Themenleiter: HADZSIEV, Kinga

Toberöse Sklerose ist eine Multisystem Krankheit, es kommt mit einer Frequenz von 1:6000-9000 vor. Die Krankheit wird autosomal dominant vererbt, es wird aber in der Mehrheit der Patienten von neuer Mutation verursacht. In Hintergrund stehen die Mutationen von zwei Genen, TSC1 und TSC2. Die Untersuchung beider Gene ist in Ungarn nur in unserem Institut erreichbar.

Die Studenten haben die Möglichkeit, die Symptomen und Anamnese der Patienten im Zusammenhang mit der gefundenen Mutationen zu analysieren.

Themenleiter: HADZSIEV, Kinga

Zweiter Themenleiter Dr. CZAKÓ, Márta

Dank der technischen Entwicklung von prä- und postnatalen Ultraschall- und MR-Untersuchungen hat man in den vorigen Jahrzehnten viele neue Informationen über die Entwicklung des Gehirns erhalten.
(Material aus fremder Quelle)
(* Let $n\ge1$ be an integer. There exists a constant $c_1=c_1(n)>0$ such that for all pairwise distinct points $z_1,z_2,z_3\in\mathbb{R}^2$, $$p_1(z_1,z_2,z_3)+p_2(z_1,z_2,z_3)\ge c_1\,c(z_1,z_2,z_3)^2.$$
   Context: For $i=1,2$ and $x\in\mathbb{R}^2\setminus\{0\}$, $K_i(x)=x_i^{2n-1}/|x|^{2n}$, and $p_i(z_1,z_2,z_3)=K_i(z_1-z_2)K_i(z_1-z_3)+K_i(z_2-z_1)K_i(z_2-z_3)+K_i(z_3-z_1)K_i(z_3-z_2)$. The Menger curvature $c(z_1,z_2,z_3)$ is the inverse of the radius of the circle through $z_1,z_2,z_3$ (equal to $0$ if the points are collinear). *)

From Stdlib Require Import Reals.
Open Scope R_scope.

Definition pt := (R * R)%type.
Definition psub (a b : pt) : pt := (fst a - fst b, snd a - snd b).
Definition norm2 (x : pt) : R := fst x ^ 2 + snd x ^ 2.
Definition dist (a b : pt) : R := sqrt (norm2 (psub a b)).

Definition K1 (n : nat) (x : pt) : R := fst x ^ (2 * n - 1) / (norm2 x) ^ n.
Definition K2 (n : nat) (x : pt) : R := snd x ^ (2 * n - 1) / (norm2 x) ^ n.

Definition psym (K : pt -> R) (z1 z2 z3 : pt) : R :=
  K (psub z1 z2) * K (psub z1 z3) + K (psub z2 z1) * K (psub z2 z3)
  + K (psub z3 z1) * K (psub z3 z2).

Definition p1 (n : nat) := psym (K1 n).
Definition p2 (n : nat) := psym (K2 n).

Definition collinear (z1 z2 z3 : pt) : Prop :=
  (fst z2 - fst z1) * (snd z3 - snd z1) - (snd z2 - snd z1) * (fst z3 - fst z1) = 0.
Infolge der Entwicklung der molekulargenetischen Techniken ist unser Wissen über Gene und Netzwerke, die an der Regulierung der Gehirnentwicklung teilnehmen, wie über zugrundeliegenden genetischen Mechanismen bedeutend erweitert.

Die genetischen Abnormalitäten im Hintergrund der Entwicklungsstörungen sind heterogen, diese können monogene Fehler sein, wir haben aber immer mehr Daten über kausative Kopienzahl Veränderungen. 

In unserem Institut wurde die array CGH Analyse seit 2013 bei den Patienten mit geistiger Behinderung und Gesichtsauffälligkeiten durchgeführt, die in mehreren Patienten Kopienzahl Veränderungen detektiert hat, die die Entwicklung der Gehirns beeinflussen.

Die Studenten haben die Möglichkeit, die Genotyp-Phänotyp Korrelation mit Einzelheiten bei diesen Patienten zu analysieren.